TASK STATEMENT: Whenever "Hypothesis" occurs in a line of the material, list that line.

--- RECORDS TO USE Enclosed Below ---

(* Let $\Sigma$ be a $p\times p$ positive definite correlation matrix ($\Sigma_{jj}=1$), let $\beta\in\mathbb{R}^p$, $\sigma>0$, $\nu\ge0$, $n\ge1$, $\mu_n=\sqrt{2\log p/n}$, and let $S=\{j:|\beta_j|>\sigma\nu\mu_n\}$, $k=|S|$, $S^c=\{1,\dots,p\}\setminus S$. Let $\bar k\ge1$ be an integer with $k\le\bar k$. Suppose $\gamma(\Sigma):=\max_{j\neq j'}|\Sigma_{jj'}|\le\omega_0/(2\bar k)$ for some $0\le\omega_0<1$, and $\|\beta_{S^c}\|_1\le\sigma\eta\mu_n$ for some $\eta\ge0$; put $\bar\eta=\eta/\bar k$. Then, if $1\le k\le\bar k$: (a) for every $T\subseteq\{1,\dots,p\}$ with $|T|=k$, $\lambda_{min}(\Sigma_{TT})\ge1-\omega_0/2$ and $\lambda_{max}(\Sigma_{TT})\le1+\omega_0/2$; (b) for every $T$ with $|T|=k$, $\max_{j\notin T}\|\Sigma_{TT}^{-1}\Sigma_{Tj}\|_1\le\omega_0$; (c) $\|\Sigma_{SS}^{-1}\Sigma_{SS^c}\beta_{S^c}\|_\infty\le\sigma\,\omega_0\bar\eta\,\mu_n$ and $\|\Sigma_{S^c|S}\beta_{S^c}\|_\infty\le\sigma(\nu+\omega_0\bar\eta)\mu_n$, where $\Sigma_{S^c|S}=\Sigma_{S^cS^c}-\Sigma_{S^cS}\Sigma_{SS}^{-1}\Sigma_{SS^c}$. If $k=0$, then $\|\Sigma\beta\|_\infty\le\sigma(\nu+\omega_0\bar\eta)\mu_n$.
   Context: For index sets $A,A'$, $\Sigma_{AA'}$ is the submatrix with rows in $A$ and columns in $A'$, $\beta_A$ is the subvector indexed by $A$; $\lambda_{min}(\cdot),\lambda_{max}(\cdot)$ denote the smallest and largest eigenvalues of a symmetric matrix. *)

From HB Require Import structures.
From mathcomp Require Import all_boot all_order all_algebra.
From mathcomp Require Import reals exp.
Set Implicit Arguments. Unset Strict Implicit. Unset Printing Implicit Defensive.
Import Order.TTheory GRing.Theory Num.Theory.
Local Open Scope ring_scope.

Section Defs.
Variable R : realType.
Variable p : nat.

(* Sigma_{T U}: rows in T, columns in U (indices enumerated increasingly). *)
Definition subm (A : 'M[R]_p) (T U : {set 'I_p}) : 'M[R]_(#|T|, #|U|) :=
  \matrix_(i < #|T|, j < #|U|) A (enum_val i) (enum_val j).

Definition subcol (A : 'M[R]_p) (T : {set 'I_p}) (j : 'I_p) : 'cV[R]_#|T| :=
  \col_(i < #|T|) A (enum_val i) j.

Definition subv (b : 'cV[R]_p) (T : {set 'I_p}) : 'cV[R]_#|T| :=
  \col_(i < #|T|) b (enum_val i) 0.

Definition posdef (A : 'M[R]_p) : Prop :=
  A^T = A /\ forall x : 'cV[R]_p, x != 0 -> 0 < (x^T *m A *m x) 0 0.

Definition gamma (A : 'M[R]_p) : R :=
  \big[Num.max/0]_(j : 'I_p) \big[Num.max/0]_(j' : 'I_p | j != j') `|A j j'|.
End Defs.

Definition norm1 (R : realType) (m : nat) (v : 'cV[R]_m) : R :=
  \sum_(i < m) `|v i 0|.

Definition norminf (R : realType) (m : nat) (v : 'cV[R]_m) : R :=
  \big[Num.max/0]_(i < m) `|v i 0|.

Definition lambda_min_ge (R : realType) (m : nat) (A : 'M[R]_m) (c : R) : Prop :=
  forall a, eigenvalue A a -> c <= a.

Definition lambda_max_le (R : realType) (m : nat) (A : 'M[R]_m) (c : R) : Prop :=
  forall a, eigenvalue A a -> a <= c.

Definition mu_n (R : realType) (p n : nat) : R :=
  Num.sqrt (2 * ln (p%:R : R) / n%:R).

From HB Require Import structures.
From mathcomp Require Import all_boot all_order all_algebra.
From mathcomp Require Import reals exp.
From mathcomp Require Import ring lra.
Import Order.TTheory GRing.Theory Num.Theory.
Local Open Scope ring_scope.
Set Implicit Arguments. Unset Strict Implicit.

(* Write Sigma_TT = I + E with |E_ij| <= gamma(Sigma). When |T| gamma <= omega0/2 < 1/2,
   E has operator norm at most |T| gamma both on l_inf and on l_1, so Sigma_TT is
   invertible with inverse of norm at most 2 in both norms, and (Gershgorin) its
   eigenvalues lie within |T| gamma of 1. Every off-diagonal block has entries bounded
   by gamma, so the remaining estimates follow from |(B x)_i| <= gamma ||x||_1. *)

Section VectorNorms.
Variable R : realType.

Lemma norminf_ge0 m (x : 'cV[R]_m) : 0 <= norminf x.
Proof. by rewrite /norminf; elim/big_ind: _ => // a b; rewrite le_max => ->. Qed.

Lemma ler_entry_norminf m (x : 'cV[R]_m) i : `|x i 0| <= norminf x.
Proof. exact: le_bigmax. Qed.

Lemma norminf_le m (x : 'cV[R]_m) M :
  0 <= M -> (forall i, `|x i 0| <= M) -> norminf x <= M.
Proof. by move=> M0 xM; apply/bigmax_leP. Qed.

Lemma norminf_eq0 m (x : 'cV[R]_m) : (norminf x == 0) = (x == 0).
Proof.
apply/eqP/eqP => [x0|->]; last first.
  by apply/eqP; rewrite eq_le norminf_ge0 andbT norminf_le // => i; rewrite mxE normr0.
apply/matrixP => i j; rewrite (ord1 j) mxE; apply/eqP; rewrite -normr_le0 -x0.
exact: ler_entry_norminf.
Qed.

Lemma norminfZ m (c : R) (x : 'cV[R]_m) : norminf (c *: x) = `|c| * norminf x.
Proof.
rewrite /norminf (big_endo _ (fun y z => maxr_pMr y z (normr_ge0 c))) ?mulr0 //.
by apply: eq_bigr => i _; rewrite mxE normrM.
Qed.

Lemma norminfB m (u v : 'cV[R]_m) : norminf (u - v) <= norminf u + norminf v.
Proof.
apply: norminf_le => [|i]; first by rewrite addr_ge0 ?norminf_ge0.
by rewrite !mxE (le_trans (ler_normB _ _)) // lerD ?ler_entry_norminf.
Qed.

Lemma norm1_ge0 m (x : 'cV[R]_m) : 0 <= norm1 x.
Proof. exact: sumr_ge0. Qed.

Lemma norm1B m (u v : 'cV[R]_m) : norm1 (u - v) <= norm1 u + norm1 v.
Proof.
by rewrite /norm1 -big_split /=; apply: ler_sum => i _; rewrite !mxE ler_normB.
Qed.

Lemma norm1_le_norminf m (x : 'cV[R]_m) : norm1 x <= m%:R * norminf x.
Proof.
rewrite mulr_natl -[X in _ *+ X]card_ord -sumr_const.
by apply: ler_sum => i _; apply: ler_entry_norminf.
Qed.

Lemma norm1_subv p (b : 'cV[R]_p) (T : {set 'I_p}) :
  norm1 (subv b T) = \sum_(j in T) `|b j 0|.
Proof.
by rewrite /norm1 (big_enum_val (fun j => `|b j 0|)); apply: eq_bigr => i; rewrite mxE.
Qed.

End VectorNorms.

Section EntrywiseBounds.
Variables (R : realType) (m n : nat) (B : 'M[R]_(m, n)) (g : R).
Hypothesis leB : forall i j, `|B i j| <= g.

Lemma normr_mulmx_entry_le (x : 'cV[R]_n) i : `|(B *m x) i 0| <= g * norm1 x.
Proof.
rewrite mxE (le_trans (ler_norm_sum _ _ _)) // /norm1 mulr_sumr.
by apply: ler_sum => j _; rewrite normrM ler_wpM2r.
Qed.

Lemma norminf_mulmx_le (x : 'cV[R]_n) :
  0 <= g -> norminf (B *m x) <= n%:R * g * norminf x.
Proof.
move=> g0; apply: norminf_le => [|i]; first by rewrite !mulr_ge0 ?norminf_ge0.
apply: le_trans (normr_mulmx_entry_le x i) _.
by rewrite [n%:R * g]mulrC -mulrA ler_wpM2l ?norm1_le_norminf.
Qed.

Lemma norm1_mulmx_le (x : 'cV[R]_n) : norm1 (B *m x) <= m%:R * g * norm1 x.
Proof.
rewrite -mulrA mulr_natl -[X in _ *+ X]card_ord -sumr_const.
by apply: ler_sum => i _; apply: normr_mulmx_entry_le.
Qed.

End EntrywiseBounds.

Section NearIdentity.
Variables (R : realType) (m : nat) (A : 'M[R]_m) (g : R).
Hypotheses (g0 : 0 <= g) (leA1 : forall i j, `|(A - 1%:M) i j| <= g).

Let split_near1 (x : 'cV[R]_m) : x = A *m x - (A - 1%:M) *m x.
Proof. by rewrite mulmxBl mul1mx opprB addrC subrK. Qed.

Lemma norminf_mulmx_ge (x : 'cV[R]_m) :
  (1 - m%:R * g) * norminf x <= norminf (A *m x).
Proof.
have := norminfB (A *m x) ((A - 1%:M) *m x); rewrite -split_near1.
have := norminf_mulmx_le leA1 x g0; lra.
Qed.

Lemma norm1_mulmx_ge (x : 'cV[R]_m) : (1 - m%:R * g) * norm1 x <= norm1 (A *m x).
Proof.
have := norm1B (A *m x) ((A - 1%:M) *m x); rewrite -split_near1.
have := norm1_mulmx_le leA1 x; lra.
Qed.

Lemma unitmx_near1 : m%:R * g < 1 -> A \in unitmx.
Proof.
move=> mg1; rewrite -unitmx_tr -row_free_unit -kermx_eq0.
apply/eqP/row_matrixP => i; rewrite row0.
set v := row i (kermx A^T).
have Av0 : A *m v^T = 0 by rewrite -[A]trmxK -trmx_mul -row_mul mulmx_ker row0 trmx0.
have := norminf_mulmx_ge v^T; rewrite Av0.
have /eqP -> : norminf (0 : 'cV[R]_m) == 0 by rewrite norminf_eq0.
rewrite pmulr_rle0 ?subr_gt0 // => /(conj (norminf_ge0 v^T))/andP.
by rewrite -eq_le eq_sym norminf_eq0 -trmx0 (inj_eq trmx_inj) => /eqP.
Qed.

Lemma eigenvalue_near1 a : eigenvalue A a -> `|a - 1| <= m%:R * g.
Proof.
case/eigenvalueP => v vA v0.
have leAT1 i j : `|(A^T - 1%:M) i j| <= g.
  by have := leA1 j i; rewrite !mxE eq_sym.
have : (A^T - 1%:M) *m v^T = (a - 1) *: v^T.
  by rewrite mulmxBl mul1mx -trmx_mul vA linearZ scalerBl scale1r.
move/(congr1 (@norminf R m)); rewrite norminfZ => eq_norm.
have := norminf_mulmx_le leAT1 v^T g0; rewrite eq_norm ler_pM2r //.
by rewrite lt_def norminf_eq0 -trmx0 (inj_eq trmx_inj) v0 norminf_ge0.
Qed.

Lemma norminf_invmx_mulmx_le (y : 'cV[R]_m) :
  m%:R * g <= 2^-1 -> norminf (invmx A *m y) <= 2 * norminf y.
Proof.
move=> mg; have Au : A \in unitmx by apply: unitmx_near1; lra.
have := norminf_mulmx_ge (invmx A *m y); rewrite mulmxA mulmxV // mul1mx.
have := norminf_ge0 (invmx A *m y); nra.
Qed.

Lemma norm1_invmx_mulmx_le (y : 'cV[R]_m) :
  m%:R * g <= 2^-1 -> norm1 (invmx A *m y) <= 2 * norm1 y.
Proof.
move=> mg; have Au : A \in unitmx by apply: unitmx_near1; lra.
have := norm1_mulmx_ge (invmx A *m y); rewrite mulmxA mulmxV // mul1mx.
have := norm1_ge0 (invmx A *m y); nra.
Qed.

Lemma normr_mulmx_near1_entry_le (x : 'cV[R]_m) i :
  `|(A *m x) i 0| <= `|x i 0| + g * norm1 x.
Proof.
have -> : A *m x = x + (A - 1%:M) *m x by rewrite mulmxBl mul1mx addrC subrK.
by rewrite [(x + _) i 0]mxE (le_trans (ler_normD _ _)) // lerD2l normr_mulmx_entry_le.
Qed.

Lemma norminf_mulmx_near1_le (x : 'cV[R]_m) t :
  0 <= t -> (forall i, `|x i 0| <= t) -> norminf (A *m x) <= t + g * norm1 x.
Proof.
move=> t0 xt; apply: norminf_le => [|i]; first by rewrite addr_ge0 ?mulr_ge0 ?norm1_ge0.
by rewrite (le_trans (normr_mulmx_near1_entry_le x i)) ?lerD2r.
Qed.

End NearIdentity.

Section CorrelationMatrix.
Variables (R : realType) (p : nat).

Definition schur_compl (A : 'M[R]_p) (S : {set 'I_p}) :=
  subm A (~: S) (~: S) - subm A (~: S) S *m invmx (subm A S S) *m subm A S (~: S).

Lemma gamma_ge0 (A : 'M[R]_p) : 0 <= gamma A.
Proof.
rewrite /gamma; elim/big_ind: _ => // [a b|j _]; first by rewrite le_max => ->.
by elim/big_ind: _ => // a b; rewrite le_max => ->.
Qed.

Lemma ler_offdiag_gamma (A : 'M[R]_p) j j' : j != j' -> `|A j j'| <= gamma A.
Proof.
move=> jj'; apply: le_trans (le_bigmax _ _ j).
exact: (le_bigmax_cond _ (P := fun j' => j != j') (fun j' => `|A j j'|) jj').
Qed.

Lemma subm_disjoint_le (A : 'M[R]_p) (T U : {set 'I_p}) :
  [disjoint T & U] -> forall i j, `|subm A T U i j| <= gamma A.
Proof.
move=> TU i j; rewrite mxE ler_offdiag_gamma //.
by apply: contraTneq (enum_valP j) => <-; rewrite (disjointFr TU) ?enum_valP.
Qed.

Lemma norm1_subcol_le (A : 'M[R]_p) (T : {set 'I_p}) j :
  j \notin T -> norm1 (subcol A T j) <= #|T|%:R * gamma A.
Proof.
move=> jT; rewrite mulr_natl -[X in _ *+ X]card_ord -sumr_const.
apply: ler_sum => i _; rewrite mxE ler_offdiag_gamma //.
by apply: contraNneq jT => <-; apply: enum_valP.
Qed.

Variable Sigma : 'M[R]_p.
Hypothesis diag1 : forall j, Sigma j j = 1.

Lemma near1_gamma i j : `|(Sigma - 1%:M) i j| <= gamma Sigma.
Proof.
rewrite !mxE; case: eqVneq => [->|ij]; first by rewrite diag1 subrr normr0 gamma_ge0.
by rewrite subr0 ler_offdiag_gamma.
Qed.

Lemma subm_near1_gamma (T : {set 'I_p}) i j :
  `|(subm Sigma T T - 1%:M) i j| <= gamma Sigma.
Proof.
by have := near1_gamma (enum_val i) (enum_val j); rewrite !mxE (inj_eq enum_val_inj).
Qed.

Variable S : {set 'I_p}.
Hypothesis card_gamma : #|S|%:R * gamma Sigma <= 2^-1.

Lemma norminf_invmx_cross_le (b : 'cV[R]_p) :
  norminf (invmx (subm Sigma S S) *m subm Sigma S (~: S) *m subv b (~: S))
    <= 2 * gamma Sigma * norm1 (subv b (~: S)).
Proof.
have invS := norminf_invmx_mulmx_le (gamma_ge0 _) (@subm_near1_gamma S) _ card_gamma.
rewrite -mulmxA (le_trans (invS _)) // -mulrA ler_wpM2l // norminf_le ?mulr_ge0 ?gamma_ge0 ?norm1_ge0 // => i.
by apply: normr_mulmx_entry_le; apply: subm_disjoint_le; rewrite -subsets_disjoint.
Qed.

Lemma norminf_schur_compl_le (b : 'cV[R]_p) t :
  0 <= t -> (forall j, j \notin S -> `|b j 0| <= t) ->
  norminf (schur_compl Sigma S *m subv b (~: S))
    <= t + 2 * gamma Sigma * norm1 (subv b (~: S)).
Proof.
move=> t0 bt; set g := gamma Sigma; set N := norm1 (subv b (~: S)).
set x := invmx (subm Sigma S S) *m (subm Sigma S (~: S) *m subv b (~: S)).
have x_le : norminf x <= 2 * g * N by rewrite /x mulmxA norminf_invmx_cross_le.
have cross_le : norminf (subm Sigma (~: S) S *m x) <= g * N.
  have ScS : [disjoint ~: S & S] by rewrite disjoints_subset.
  apply: le_trans (norminf_mulmx_le (subm_disjoint_le Sigma ScS) x (gamma_ge0 _)) _.
  have := ler_wpM2r (norminf_ge0 x) card_gamma; lra.
have b_le i : `|subv b (~: S) i 0| <= t by rewrite mxE bt // -in_setC enum_valP.
have -> : schur_compl Sigma S *m subv b (~: S) =
    subm Sigma (~: S) (~: S) *m subv b (~: S) - subm Sigma (~: S) S *m x.
  by rewrite /schur_compl /x mulmxBl -!mulmxA.
apply: le_trans (norminfB _ _) _.
have := norminf_mulmx_near1_le (gamma_ge0 _) (@subm_near1_gamma (~: S)) t0 b_le.
rewrite -/g -/N; lra.
Qed.

End CorrelationMatrix.

Unset Implicit Arguments. Set Strict Implicit.

Theorem lemma1 (R : realType) (p n kbar : nat) (Sigma : 'M[R]_p) (beta : 'cV[R]_p)
  (sigma nu omega0 eta : R) :
  posdef Sigma ->
  (forall j, Sigma j j = 1) ->
  0 < sigma -> 0 <= nu -> (1 <= n)%N ->
  let mu := mu_n R p n in
  let S := [set j : 'I_p | sigma * nu * mu < `|beta j 0|] in
  let Sc := ~: S in
  let k := #|S| in
  (1 <= kbar)%N -> (k <= kbar)%N ->
  0 <= omega0 -> omega0 < 1 ->
  gamma Sigma <= omega0 / (2 * kbar%:R) ->
  0 <= eta ->
  norm1 (subv beta Sc) <= sigma * eta * mu ->
  let etabar := eta / kbar%:R in
  ((1 <= k)%N ->
     (forall T : {set 'I_p}, #|T| = k ->
        lambda_min_ge (subm Sigma T T) (1 - omega0 / 2) /\
        lambda_max_le (subm Sigma T T) (1 + omega0 / 2)) /\
     (forall T : {set 'I_p}, #|T| = k ->
        forall j, j \notin T ->
          norm1 (invmx (subm Sigma T T) *m subcol Sigma T j) <= omega0) /\
     norminf (invmx (subm Sigma S S) *m subm Sigma S Sc *m subv beta Sc)
       <= sigma * omega0 * etabar * mu /\
     norminf ((subm Sigma Sc Sc
               - subm Sigma Sc S *m invmx (subm Sigma S S) *m subm Sigma S Sc)
              *m subv beta Sc)
       <= sigma * (nu + omega0 * etabar) * mu) /\
  (k = 0%N -> norminf (Sigma *m beta) <= sigma * (nu + omega0 * etabar) * mu).
Proof.
move=> _ diag1 sigma_gt0 nu_ge0 _ mu S Sc k kbar_ge1 k_le_kbar omega0_ge0 omega0_lt1
  gamma_le eta_ge0 tail_le etabar.
have g0 := gamma_ge0 Sigma; have near1 := subm_near1_gamma diag1.
have kbar_gt0 : 0 < kbar%:R :> R by rewrite ltr0n.
have card_gamma : k%:R * gamma Sigma <= omega0 / 2.
  have : k%:R * gamma Sigma <= kbar%:R * gamma Sigma by rewrite ler_wpM2r ?ler_nat.
  by move: gamma_le; rewrite ler_pdivlMr ?mulr_gt0 //; lra.
have tail_gamma : 2 * gamma Sigma * norm1 (subv beta Sc) <= sigma * omega0 * etabar * mu.
  have := ler_wpM2r (norm1_ge0 (subv beta Sc)) gamma_le.
  have omega0_K : 0 <= omega0 / kbar%:R by rewrite divr_ge0 // ltW.
  have := ler_wpM2l omega0_K tail_le.
  rewrite /etabar invfM; lra.
have t_ge0 : 0 <= sigma * nu * mu by rewrite !mulr_ge0 ?sqrtr_ge0 // ltW.
have beta_small j : j \notin S -> `|beta j 0| <= sigma * nu * mu by rewrite inE -leNgt.
split=> [_|k0].
  have kg_half : k%:R * gamma Sigma <= 2^-1 by lra.
  split; [|split; [|split]].
  - move=> T cardT; split=> a /(eigenvalue_near1 g0 (near1 T));
      rewrite cardT ler_norml => /andP[]; lra.
  - move=> T cardT j jT; rewrite -cardT in card_gamma kg_half.
    apply: le_trans (norm1_invmx_mulmx_le g0 (near1 T) _ kg_half) _.
    by have := norm1_subcol_le Sigma jT; lra.
  - exact: le_trans (norminf_invmx_cross_le diag1 kg_half beta) tail_gamma.
  - have := norminf_schur_compl_le diag1 kg_half t_ge0 beta_small; lra.
have S0 : S = set0 := cards0_eq k0.
have beta_tail : norm1 beta = norm1 (subv beta Sc).
  by rewrite norm1_subv; apply: eq_bigl => j; rewrite /Sc S0 setC0 inE.
have beta_le j : `|beta j 0| <= sigma * nu * mu by rewrite beta_small // S0 inE.
have := norminf_mulmx_near1_le g0 (near1_gamma diag1) t_ge0 beta_le.
rewrite beta_tail; have := mulr_ge0 g0 (norm1_ge0 (subv beta Sc)); lra.
Qed.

--- End of Enclosed RECORDS TO USE ---

RESULT OF THIS EXERCISE:
Hypothesis leB : forall i j, `|B i j| <= g.
Hypothesis diag1 : forall j, Sigma j j = 1.
Hypothesis card_gamma : #|S|%:R * gamma Sigma <= 2^-1.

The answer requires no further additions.